Saved entries:
Lemma gfun_local_min r :
  base F r -> (forall k, inQK K (r k)) -> gfun w rs <= gfun w r.
Proof.
move=> r_base r_QK.
apply: (gfun_local_min_bounded (n := Num.Def.archi_bound (l1dist r rs * K%:R)))
  => //.
rewrite ler_pdivlMr ?ltr0n // ltW // archi_boundP // mulr_ge0 ?l1dist_ge0 //.
Qed.

End LocalToGlobal.

Section CCDE.
Variables (R : realType) (V Pk : finType) (Z : V -> {set Pk}).

Lemma Hent_submod (A B : {set V}) :
  Hent R Z (A :|: B) + Hent R Z (A :&: B) <= Hent R Z A + Hent R Z B.
Proof.
rewrite /Hent -!natrD ler_nat bigcup_setU -(cardsUI (\bigcup_(i in A) Z i)).
rewrite leq_add2l subset_leq_card //.
by apply/bigcupsP => k; rewrite inE => /andP[kA kB]; rewrite subsetI !bigcup_sup.
Qed.

Lemma fal_nonempty (a : R) X :
  X != set0 -> fal Z a X = a - Hent R Z [set: V] + Hent R Z X.
Proof.
by move=> X0; rewrite /fal (negbTE X0) /Hcond setUC setUCr opprB addrA addrAC.
Qed.

Lemma fal_submod (a : R) (A B : {set V}) : A :&: B != set0 ->
  fal Z a (A :|: B) + fal Z a (A :&: B) <= fal Z a A + fal Z a B.
Proof.
move=> AB0; have /set0Pn[k] := AB0; rewrite inE => /andP[kA kB].
have := Hent_submod A B; rewrite !fal_nonempty //; try lra.
all: by apply/set0Pn; exists k; rewrite ?inE ?kA ?kB.
Qed.

Lemma fal_QK K (a : R) Y : (0 < K)%N -> inQK K a -> inQK K (fal Z a Y).
Proof.
move=> K_gt0 a_QK; rewrite /fal; case: ifP => _; first by exists 0; rewrite mul0r.
by apply: inQK_sub => //; apply: inQK_sub; apply: inQK_nat.
Qed.

Lemma core_base (r : V -> R) :
  [set: V] != set0 -> core Z r <-> base (fal Z (RCO Z)) r.
Proof.
move=> V0; rewrite /core /base fal_nonempty // addrNK.
split=> [[r_ach rT] | [rT r_le]]; split=> // X.
  move=> X0; have := r_ach (~: X); rewrite properCl setCT proper0 => /(_ X0).
  by rewrite fal_nonempty // /Hcond setCK setUC setUCr rsumC rT; lra.
rewrite -[X]setCK properCl setCT proper0 => CX0.
by have := r_le _ CX0; rewrite fal_nonempty // /Hcond setCK setUCr rsumC rT; lra.
Qed.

Exercise prompt
Look above for the line with "move=> X0; have", then copy it and each later line exactly, stopping at the last line of the records.

Answer for the task
  move=> X0; have := r_ach (~: X); rewrite properCl setCT proper0 => /(_ X0).
  by rewrite fal_nonempty // /Hcond setCK setUC setUCr rsumC rT; lra.
rewrite -[X]setCK properCl setCT proper0 => CX0.
by have := r_le _ CX0; rewrite fal_nonempty // /Hcond setCK setUCr rsumC rT; lra.
Qed.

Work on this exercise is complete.